== TASK DETAILS ==
The required answer is a copy of each line in the entries below that includes "irreflexive".

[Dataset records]
(* Let $\Gamma$ be an antipodal tight graph $\mathrm{AT}4(p,q,2)$ with vertex set $X$, and let $x\in X$. If $W$ is an irreducible $T(x)$-module with endpoint $2$, then $W$ has diameter $0$ and is thin.
   Context: For integers $p\ge 1$, $q\ge 2$, an $\mathrm{AT}4(p,q,2)$ is a non-bipartite distance-regular antipodal double cover of diameter $4$ with intersection array $\{q(pq+p+q),\,(q^2-1)(p+1),\,q(p+q)/2,\,1;\ 1,\,q(p+q)/2,\,(q^2-1)(p+1),\,q(pq+p+q)\}$; such a graph is tight and $Q$-polynomial. Let $A$ be the adjacency matrix, $\partial$ the distance, $V=\mathbb{C}^X$, and for $0\le i\le 4$ let $E^*_i(x)$ be the diagonal matrix with $(E^*_i(x))_{yy}=1$ if $\partial(x,y)=i$ and $0$ otherwise. $T(x)$ is the subalgebra of $\mathrm{Mat}_X(\mathbb{C})$ generated by $A,E^*_0(x),\dots,E^*_4(x)$. For an irreducible $T(x)$-module $W$ (a nonzero $T(x)$-invariant subspace of $V$ with no invariant subspaces other than $0,W$), its endpoint is $\min\{i:E^*_i(x)W\neq0\}$, its diameter is $|\{i:E^*_i(x)W\ne 0\}|-1$, and $W$ is thin if $\dim E^*_i(x)W\le1$ for all $i$. *)

From HB Require Import structures.
From mathcomp Require Import all_boot all_order all_algebra all_field.
Set Implicit Arguments. Unset Strict Implicit. Unset Printing Implicit Defensive.
Import GRing.Theory Num.Theory.

(* Vectors of V = C^X are row vectors indexed by
   'I_#|X| (via enum_val); a subspace of V is the row space of a square matrix. *)

Section Graph.
Variables (X : finType) (e : rel X).

Fixpoint ball (k : nat) (x : X) : {set X} :=
  match k with
  | 0 => [set x]
  | k'.+1 => ball k' x :|: [set y | [exists z in ball k' x, e z y]]
  end.

(* path distance (for a connected graph; #|X| if unreachable) *)
Definition gdist (x y : X) : nat := find (fun k => y \in ball k x) (iota 0 #|X|).

Definition simple_graph : Prop := symmetric e /\ irreflexive e.

Definition drg_with_array (d : nat) (b c : nat -> nat) : Prop :=
  [/\ simple_graph,
      (forall x y : X, connect e x y),
      (forall x y : X, gdist x y <= d),
      (exists x y : X, gdist x y = d) &
      (forall (i : nat) (x y : X), gdist x y = i ->
          (i < d -> #|[set z | e y z & gdist x z == i.+1]| = b i) /\
          (0 < i -> #|[set z | e y z & gdist x z == i.-1]| = c i))].

Definition at4_b (p q : nat) (i : nat) : nat :=
  match i with
  | 0 => q * (p * q + p + q)
  | 1 => (q ^ 2 - 1) * (p + 1)
  | 2 => (q * (p + q)) %/ 2
  | 3 => 1
  | _ => 0
  end.
Definition at4_c (p q : nat) (i : nat) : nat :=
  match i with
  | 1 => 1
  | 2 => (q * (p + q)) %/ 2
  | 3 => (q ^ 2 - 1) * (p + 1)
  | 4 => q * (p * q + p + q)
  | _ => 0
  end.

Definition is_AT4 (p q : nat) : Prop :=
  [/\ 1 <= p, 2 <= q, 2 %| q * (p + q) & drg_with_array 4 (at4_b p q) (at4_c p q)].

Local Open Scope ring_scope.
Local Notation n := #|X|.

Definition adjA : 'M[algC]_n :=
  \matrix_(u, v) (e (enum_val u) (enum_val v))%:R.

Definition Estar (x : X) (i : nat) : 'M[algC]_n :=
  \matrix_(u, v) ((u == v) && (gdist x (enum_val u) == i))%:R.

Inductive in_T (x : X) : 'M[algC]_n -> Prop :=
  | T_A : in_T x adjA
  | T_E i : (i <= 4)%N -> in_T x (Estar x i)
  | T_1 : in_T x 1%:M
  | T_add M N : in_T x M -> in_T x N -> in_T x (M + N)
  | T_scale a M : in_T x M -> in_T x (a *: M)
  | T_mul M N : in_T x M -> in_T x N -> in_T x (M *m N).

(* W (row space) is invariant under the action v |-> M v of every M in T(x)
   (in row-vector form: w |-> w M^T) *)
Definition T_invariant (x : X) (W : 'M[algC]_n) : Prop :=
  forall M, in_T x M -> (W *m M^T <= W)%MS.

Definition irreducible_T_module (x : X) (W : 'M[algC]_n) : Prop :=
  [/\ W != 0, T_invariant x W &
      forall U : 'M[algC]_n, T_invariant x U -> (U <= W)%MS ->
        U = 0 \/ (U == W)%MS].

Definition EW (x : X) (W : 'M[algC]_n) (i : nat) : 'M[algC]_n := W *m (Estar x i)^T.

Definition endpoint (x : X) (W : 'M[algC]_n) : nat :=
  find (fun i => EW x W i != 0) (iota 0 5).

Definition module_diameter (x : X) (W : 'M[algC]_n) : nat :=
  (size [seq i <- iota 0 5 | EW x W i != 0]).-1.

Definition thin (x : X) (W : 'M[algC]_n) : Prop :=
  forall i, (i <= 4)%N -> (\rank (EW x W i) <= 1)%N.

End Graph.

(** The intersection array of an AT4(p,q,2) is symmetric, c_i = b_(4-i), so the
    sphere sizes k_i = (b_0...b_(i-1))/(c_1...c_i) give k_4 = 1: every vertex y has a
    unique antipode y' at distance 4, with ∂(x,y') = 0 iff ∂(x,y) = 4 and ∂(x,y') = 1
    iff ∂(x,y) = 3.  Hence conjugation by the distance-4 matrix A_4 maps E*_0(x) to
    E*_4(x) and E*_1(x) to E*_3(x).  The three-term recurrence for the distance
    matrices makes A_4 a polynomial in A, so A_4 lies in T(x), and a module W with
    E*_0 W = E*_1 W = 0 also has E*_3 W = E*_4 W = 0, i.e. W = E*_2 W.  Then each
    E*_i(x) acts on W as a scalar, so any eigenvector of A in W spans a submodule,
    and irreducibility forces dim W = 1. *)

From mathcomp Require Import all_boot all_order all_algebra all_field.
From mathcomp Require Import zify.
Set Implicit Arguments. Unset Strict Implicit. Unset Printing Implicit Defensive.
Import GRing.Theory Num.Theory.

Section Balls.
Variables (X : finType) (e : rel X).
Local Notation d := (gdist e).

Lemma ball_step k x y z : y \in ball e k x -> e y z -> z \in ball e k.+1 x.
Proof.
by move=> yk yz; rewrite inE; apply/orP; right; rewrite inE; apply/existsP; exists y; rewrite yk.
Qed.

Lemma ball_subS k x : ball e k x \subset ball e k.+1 x.
Proof. exact: subsetUl. Qed.

Lemma path_ball x p : path e x p -> last x p \in ball e (size p) x.
Proof.
elim/last_ind: p => [|p y IH]; first by rewrite inE.
rewrite rcons_path last_rcons size_rcons => /andP[/IH py pyy].
exact: ball_step py pyy.
Qed.

Lemma ball_cat j k x y z : y \in ball e j x -> z \in ball e k y -> z \in ball e (j + k) x.
Proof.
move=> yj; elim: k z => [|k IH] z; first by rewrite inE addn0 => /eqP ->.
rewrite addnS inE => /orP[/IH zjk | ]; first exact: subsetP (ball_subS _ _) _ zjk.
by rewrite inE => /existsP[t /andP[/IH tjk tz]]; apply: ball_step tjk tz.
Qed.

Lemma gdist_le_size x y : d x y <= #|X|.
Proof. by rewrite /gdist -[leqRHS](size_iota 0) find_size. Qed.

Lemma gdist_le k x y : y \in ball e k x -> d x y <= k.
Proof.
move=> yk; have [k_lt | ] := ltnP k #|X|; last exact: leq_trans (gdist_le_size x y).
rewrite leqNgt; apply/negP => /(before_find 0).
by rewrite nth_iota // add0n yk.
Qed.

Lemma mem_ball_gdist x y : d x y < #|X| -> y \in ball e (d x y) x.
Proof.
move=> lt_dX; have has_k : has (fun k => y \in ball e k x) (iota 0 #|X|).
  by rewrite has_find size_iota.
by have := nth_find 0 has_k; rewrite nth_iota ?add0n.
Qed.

Lemma connect_gdist_lt x y : connect e x y -> d x y < #|X|.
Proof.
move=> /connectP[p ep ->]; case/shortenP: ep => q eq uq _.
have : size (x :: q) <= #|X| by rewrite -(card_uniqP uq) max_card.
exact: leq_ltn_trans (gdist_le (path_ball eq)).
Qed.

End Balls.

Lemma card_set_sum (T : finType) (P : pred T) : #|[set z | P z]| = \sum_z P z.
Proof. by rewrite -sum1_card big_mkcond /=; apply: eq_bigr => z _; rewrite inE; case: (P z). Qed.

Section Graph.
Variables (X : finType) (e : rel X).
Hypotheses (e_sym : symmetric e) (e_irr : irreflexive e) (e_conn : forall x y, connect e x y).
Local Notation d := (gdist e).

Lemma mem_ball x y : y \in ball e (d x y) x.
Proof. exact/mem_ball_gdist/connect_gdist_lt/e_conn. Qed.

Lemma gdist_leP k x y : reflect (d x y <= k) (y \in ball e k x).
Proof.
apply: (iffP idP); first exact: gdist_le.
move=> le_dk; rewrite -(subnKC le_dk); elim: (k - _) => [|j IH]; first by rewrite addn0 mem_ball.
by rewrite addnS; apply: subsetP (ball_subS _ _ _) _ IH.
Qed.

Lemma gdistxx x : d x x = 0.
Proof. by apply/eqP; rewrite -leqn0; apply/gdist_leP; rewrite inE. Qed.

Lemma gdist_eq0 x y : (d x y == 0) = (x == y).
Proof.
apply/idP/eqP => [|<-]; last by rewrite gdistxx.
by rewrite -leqn0 => /gdist_leP; rewrite inE eq_sym => /eqP.
Qed.

Lemma ball_sym k x y : y \in ball e k x -> x \in ball e k y.
Proof.
elim: k y => [|k IH] y; first by rewrite !inE eq_sym.
rewrite inE => /orP[/IH | ]; first exact: subsetP (ball_subS _ _ _) _.
rewrite inE => /existsP[t /andP[/IH xt ty]].
have ty1 : t \in ball e 1 y by apply: (@ball_step _ _ 0 y y); rewrite ?inE // e_sym.
by rewrite -add1n; apply: ball_cat ty1 xt.
Qed.

Lemma gdistC x y : d x y = d y x.
Proof.
by apply/eqP; rewrite eqn_leq; apply/andP; split; apply/gdist_leP/ball_sym/mem_ball.
Qed.

Lemma gdist_edge x y z : e y z -> d x z <= (d x y).+1.
Proof. by move=> yz; apply/gdist_leP/(ball_step (mem_ball x y) yz). Qed.

Lemma gdist_edge_bounds x y z : e y z -> d x z <= (d x y).+1 /\ d x y <= (d x z).+1.
Proof. by move=> yz; split; apply: gdist_edge; rewrite // e_sym. Qed.

Lemma gdist_eq1 x y : (d x y == 1) = e x y.
Proof.
apply/idP/idP => [/eqP dxy1 | xy].
  have : y \in ball e 1 x by rewrite -dxy1 mem_ball.
  rewrite inE => /orP[].
    by rewrite inE => /eqP yx; move: dxy1; rewrite yx gdistxx.
  by rewrite inE => /existsP[t /andP[]]; rewrite inE => /eqP ->.
have := gdist_edge x xy; rewrite gdistxx eqn_leq => -> /=.
by rewrite lt0n gdist_eq0; apply: contraTneq xy => <-; rewrite e_irr.
Qed.

Lemma gdist_pred_nbr x y : 0 < d x y -> exists2 z, e z y & d x z = (d x y).-1.
Proof.
move=> dxy_gt0; have : y \in ball e (d x y).-1.+1 x by rewrite prednK ?mem_ball.
rewrite inE => /orP[]; first by move/gdist_le; lia.
rewrite inE => /existsP[z /andP[/gdist_le le_dxz zy]]; exists z => //.
by have := gdist_edge x zy; lia.
Qed.

Definition sphere x i := [set y | d x y == i].

Lemma card_sphere0 x : #|sphere x 0| = 1.
Proof. by rewrite -(cards1 x); apply: eq_card => y; rewrite !inE gdist_eq0 eq_sym. Qed.

Definition distmx i : 'M[algC]_#|X| :=
  (\matrix_(u, v) (d (enum_val u) (enum_val v) == i)%:R)%R.

Lemma distmx0 : distmx 0 = 1%:M%R.
Proof. by apply/matrixP => u v; rewrite !mxE gdist_eq0 (inj_eq enum_val_inj). Qed.

Lemma distmx1 : distmx 1 = adjA e.
Proof. by apply/matrixP => u v; rewrite !mxE gdist_eq1. Qed.

Lemma mulmx_Estar x i (M : 'M[algC]_#|X|) u v :
  ((M *m Estar e x i) u v = M u v * (d x (enum_val v) == i)%:R)%R.
Proof.
rewrite mxE (bigD1 v) //= big1 => [|w /negPf ne_wv]; last by rewrite mxE ne_wv mulr0.
by rewrite mxE eqxx addr0.
Qed.

Section DistanceRegular.
Variables (D : nat) (b c : nat -> nat).
Hypothesis gdist_le_diam : forall x y, d x y <= D.
Hypothesis diam_attained : exists x y, d x y = D.
Hypothesis regular : forall i x y, d x y = i ->
  (i < D -> #|[set z | e y z & d x z == i.+1]| = b i) /\
  (0 < i -> #|[set z | e y z & d x z == i.-1]| = c i).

== RESULT FOR THIS TASK ==
Definition simple_graph : Prop := symmetric e /\ irreflexive e.
Hypotheses (e_sym : symmetric e) (e_irr : irreflexive e) (e_conn : forall x y, connect e x y).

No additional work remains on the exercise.